Stralsund has written H2 history

Prof. Jochen Lehmann with his first FC system from Warsitz, Sunnyvale, from 1994.
Prof. Jochen Lehmann with his first FC system from Warsitz from 1994.

It all started almost forty years ago. At that time his interest in energy brought him to hydrogen. Since then Prof. Jochen Lehmann, a veteran of the German H2 industry, has achieved a lot: He initiated the installation of the complex laboratory Alternative Energy at the University of Applied Sciences Stralsund with the world’s first hydrogen storage power plant, …

… he was co-founder of the German Hydrogen and Fuel Cell Association (Deutscher Wasserstoff- und Brennstoffzellen-Verband e. V.) and, with his own curiosity and enthusiasm, he introduced hundreds of students to the fascination of hydrogen.

Looking back, he notes with a smile: “I have been driven to energy in my development.” At the age of six, his mother explained to him the enormous amount of energy in an atomic bomb. This had made a lasting impression on him, so that he later went to Leipzig to study physics. There he personally experienced Werner Heisenberg, Gustav Hertz & Co. as professors, as he describes it in a slightly amusing but also very respectful way. Heisenberg had been appointed to the chair of theoretical physics at the University of Copenhagen in 1927 when he was 25 years old.

There Lehmann also had the opportunity to listen to Linus Pauling, the US chemist and two-time Nobel Prize winner (Chemistry and Peace) in a lecture. The largest auditorium available would have been “packed,” he remembers.

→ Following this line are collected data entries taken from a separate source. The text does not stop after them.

(* Every signed $Z_4$-colourable graph is $\{1,1,2\}$-choosable.
   Context: A signed graph is a pair $(G,\sigma)$ with $\sigma:E(G)\to\{-1,+1\}$. A $Z_4$-colouring of $(G,\sigma)$ is a map $f:V(G)\to\mathbb Z_4$ such that $f(x)\ne\sigma(e)f(y)$ in $\mathbb Z_4$ for every edge $e=xy$. $G$ is signed $Z_4$-colourable if $(G,\sigma)$ has a $Z_4$-colouring for every signature $\sigma$. For a partition $\lambda=\{k_1,\dots,k_q\}$ of $k$, a $\lambda$-assignment of $G$ is an assignment $L$ with $|L(v)|=k$ for all $v$ such that $\bigcup_vL(v)$ can be partitioned into sets $C_1,\dots,C_q$ with $|L(v)\cap C_i|=k_i$ for all $v$ and $i$; $G$ is $\lambda$-choosable if for every $\lambda$-assignment $L$ there is a proper colouring $f$ with $f(v)\in L(v)$ for all $v$. *)

From HB Require Import structures.
From mathcomp Require Import all_boot all_order all_algebra.
Set Implicit Arguments. Unset Strict Implicit. Unset Printing Implicit Defensive.
Import GRing.Theory.

(* A signature: sigma x y = true means the edge xy is negative (sign -1),
   false means positive (+1).  It must be symmetric so that each edge
   gets a single sign. *)
Definition signature (T : finType) (sigma : rel T) : Prop := symmetric sigma.

Definition Z4_colouring (T : finType) (e sigma : rel T) (f : T -> 'Z_4) : Prop :=
  forall x y, e x y -> f x != (if sigma x y then - f y else f y)%R.

Definition signed_Z4_colourable (T : finType) (e : rel T) : Prop :=
  forall sigma : rel T, signature sigma -> exists f : T -> 'Z_4, Z4_colouring e sigma f.

Definition lambda_assignment (T C : finType) (lambda : seq nat) (L : T -> {set C}) : Prop :=
  (forall v, #|L v| = sumn lambda) /\
  exists P : 'I_(size lambda) -> {set C},
    [/\ (forall i j, i != j -> [disjoint P i & P j]),
        \bigcup_i P i = \bigcup_v L v &
        forall v i, #|L v :&: P i| = nth 0 lambda i].

Definition choosable (T : finType) (e : rel T) (lambda : seq nat) : Prop :=
  forall (C : finType) (L : T -> {set C}), lambda_assignment lambda L ->
    exists f : T -> C, (forall v, f v \in L v) /\ (forall x y, e x y -> f x != f y).

From mathcomp Require Import all_boot all_order all_algebra.
Import GRing.Theory.
Set Implicit Arguments. Unset Strict Implicit. Unset Printing Implicit Defensive.

(* Given a {1,1,2}-assignment, every list L v consists of one colour of the
   block P0, one of P1 and a pair from P2.  Encode these colours of L v by
   0, 2 and {1, 3} in Z_4, and make an edge xy negative exactly when the
   pairs of x and y share a colour that is encoded by 1 at one end and by 3
   at the other.  A Z_4-colouring f of this signed graph is then decoded
   into an L-colouring: at each vertex v take the colour encoded by f v.
   Equal colours at the ends of an edge would force f x = sigma(xy) f y. *)

Lemma set2_card2 (C : finType) (A : {set C}) c d :
  #|A| = 2 -> c != d -> c \in A -> d \in A -> A = [set c; d].
Proof.
move=> A2 cd cA dA; apply/esym/eqP; rewrite eqEcard cards2 cd A2 andbT.
by apply/subsetP => z; rewrite !inE => /orP[]/eqP->.
Qed.

Definition picked (C : finType) (S : {set C}) (c : C) := [pick d in S] == Some c.

Lemma picked_card2 (C : finType) (S : {set C}) :
  #|S| = 2 -> exists l h, [/\ l \in S, h \in S, picked S l & ~~ picked S h].
Proof.
move/eqP/cards2P => [c [d [cd ->]]]; rewrite /picked.
case: pickP => [z|/(_ c)]; last by rewrite !inE eqxx.
rewrite !inE => /orP[]/eqP->.
- by exists c, d; rewrite !inE !eqxx orbT /= -(inj_eq Some_inj) in cd *.
- by exists d, c; rewrite !inE !eqxx orbT /= eq_sym -(inj_eq Some_inj) in cd *.
Qed.

Section OneOneTwoAssignment.

Variables (T C : finType) (L : T -> {set C}) (P : 'I_3 -> {set C}).
Hypothesis P_disjoint : forall i j, i != j -> [disjoint P i & P j].
Hypothesis P_cover : \bigcup_i P i = \bigcup_v L v.
Hypothesis card_LP : forall v i, #|L v :&: P i| = nth 0 [:: 1; 1; 2] i.

Let P0 := P (@Ordinal 3 0 isT).
Let P1 := P (@Ordinal 3 1 isT).
Let P2 := P (@Ordinal 3 2 isT).

Definition pair_of v := L v :&: P2.

Definition code v c : 'Z_4 :=
  (if c \in P0 then 0 else if c \in P1 then 2
   else if picked (pair_of v) c then 1 else 3)%R.

Definition sign_rel : rel T := fun x y =>
  [exists c, [&& c \in pair_of x, c \in pair_of y &
                 picked (pair_of x) c != picked (pair_of y) c]].

Lemma signature_sign_rel : signature sign_rel.
Proof.
by move=> x y; apply/existsP/existsP => -[c /and3P[cx cy d]];
  exists c; rewrite cx cy eq_sym.
Qed.

Lemma notin_block i j c : i != j -> c \in P i -> c \notin P j.
Proof. by move=> ij ci; rewrite (disjointFr (P_disjoint ij) ci). Qed.

Lemma card_pair_of v : #|pair_of v| = 2.
Proof. exact: card_LP. Qed.

Lemma mem_pair_of v c :
  c \in L v -> c \notin P0 -> c \notin P1 -> c \in pair_of v.
Proof.
move=> cL c0 c1; have : c \in \bigcup_i P i by rewrite P_cover; apply/bigcupP; exists v.
case/bigcupP => -[[|[|[|//]]] i3] _; rewrite (bool_irrelevance i3 isT) => ci.
- by case/negP: c0.
- by case/negP: c1.
- by rewrite inE cL.
Qed.

Lemma code_surj v z : exists2 c, c \in L v & code v c = z.
Proof.
have [a /setP/(_ a)] : exists a, L v :&: P0 = [set a] by apply/cards1P/eqP/card_LP.
have [b /setP/(_ b)] : exists b, L v :&: P1 = [set b] by apply/cards1P/eqP/card_LP.
rewrite !inE !eqxx => /andP[bL b1] /andP[aL a0].
have [l [h [lS hS lfirst hnot]]] := picked_card2 (card_pair_of v).
have notP01 c : c \in pair_of v -> (c \in P0) = false /\ (c \in P1) = false.
  by rewrite inE => /andP[_ c2]; split; apply/negbTE/(notin_block _ c2).
have [[l0 l1] [h0 h1]] := (notP01 _ lS, notP01 _ hS).
move: lS hS; rewrite !inE => /andP[lL _] /andP[hL _].
have b0 : (b \in P0) = false by apply/negbTE/(notin_block _ b1).
rewrite /code; case: z => -[|[|[|[|//]]]] z4.
- by exists a; rewrite // a0; apply: val_inj.
- by exists l; rewrite // l0 l1 lfirst; apply: val_inj.
- by exists b; rewrite // b0 b1; apply: val_inj.
- by exists h; rewrite // h0 h1 (negbTE hnot); apply: val_inj.
Qed.

Lemma sign_relE x y c : c \in pair_of x -> c \in pair_of y ->
  sign_rel x y = (picked (pair_of x) c != picked (pair_of y) c).
Proof.
move=> cx cy; apply/existsP/idP => [[d /and3P[dx dy]]|]; last by exists c; rewrite cx cy.
have [<- //|cd] := eqVneq c d.
by rewrite (set2_card2 (card_pair_of x) cd cx dx) (set2_card2 (card_pair_of y) cd cy dy) eqxx.
Qed.

Lemma code_shared x y c : c \in L x -> c \in L y ->
  code x c = (if sign_rel x y then - code y c else code y c)%R.
Proof.
move=> cLx cLy; rewrite /code.
have [c0|c0] := boolP (c \in P0); first by rewrite oppr0 if_same.
have [c1|c1] := boolP (c \in P1); first by case: (sign_rel x y) => //; apply: val_inj.
have [cx cy] := (mem_pair_of cLx c0 c1, mem_pair_of cLy c0 c1).
by rewrite (sign_relE cx cy); case: (picked (pair_of x) c); case: (picked (pair_of y) c) => //; apply: val_inj.
Qed.

End OneOneTwoAssignment.

Theorem theorem12 (T : finType) (e : rel T) :
  symmetric e -> irreflexive e ->
  signed_Z4_colourable e -> choosable e [:: 1; 1; 2].
Proof.
move=> _ _ colZ4 C L [_ [P [P_disjoint P_cover card_LP]]].
have [f f_col] := colZ4 _ (signature_sign_rel L P).
have [g gL g_code] := fin_all_exists2 (fun v => code_surj P_disjoint card_LP v (f v)).
exists g; split=> // x y xy; apply: contra (f_col x y xy) => /eqP gxy.
have gLy : g x \in L y by rewrite gxy.
by rewrite -g_code -(g_code y) -gxy (code_shared P_cover card_LP (gL x) gLy).
Qed.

After completing his vocational training, he went into industry, but “it wasn’t that exciting for me,” he continues. Therefore, he went to the former University of Maritime Navigation Warnemünde/Wustrow and entered the hydrogen sector in 1981. His topic was: “Hydrogen as a trigger for corrosion of high-strength steel” – i.e. H2 embrittlement. “That’s when I learned that hydrogen is easy to store in metals.”

When the first industrially manufactured wind power plant (220 kW) for East Germany was erected in Wustrow on Fischland on 10 October 1989, a friend said: “Now we have our own electricity on our Fischland, so all we need is a brewery, we could open a breach and make the Fischland an island again.” To Lehmann’s question: “And when there is no wind?” But the friend would always have two crates of beer in the cellar. That was the idea: Storage! “Volatile electricity without storage is not possible, but with hydrogen,” says Lehmann. So, the idea of a wind-hydrogen system was born – almost exactly 30 years ago.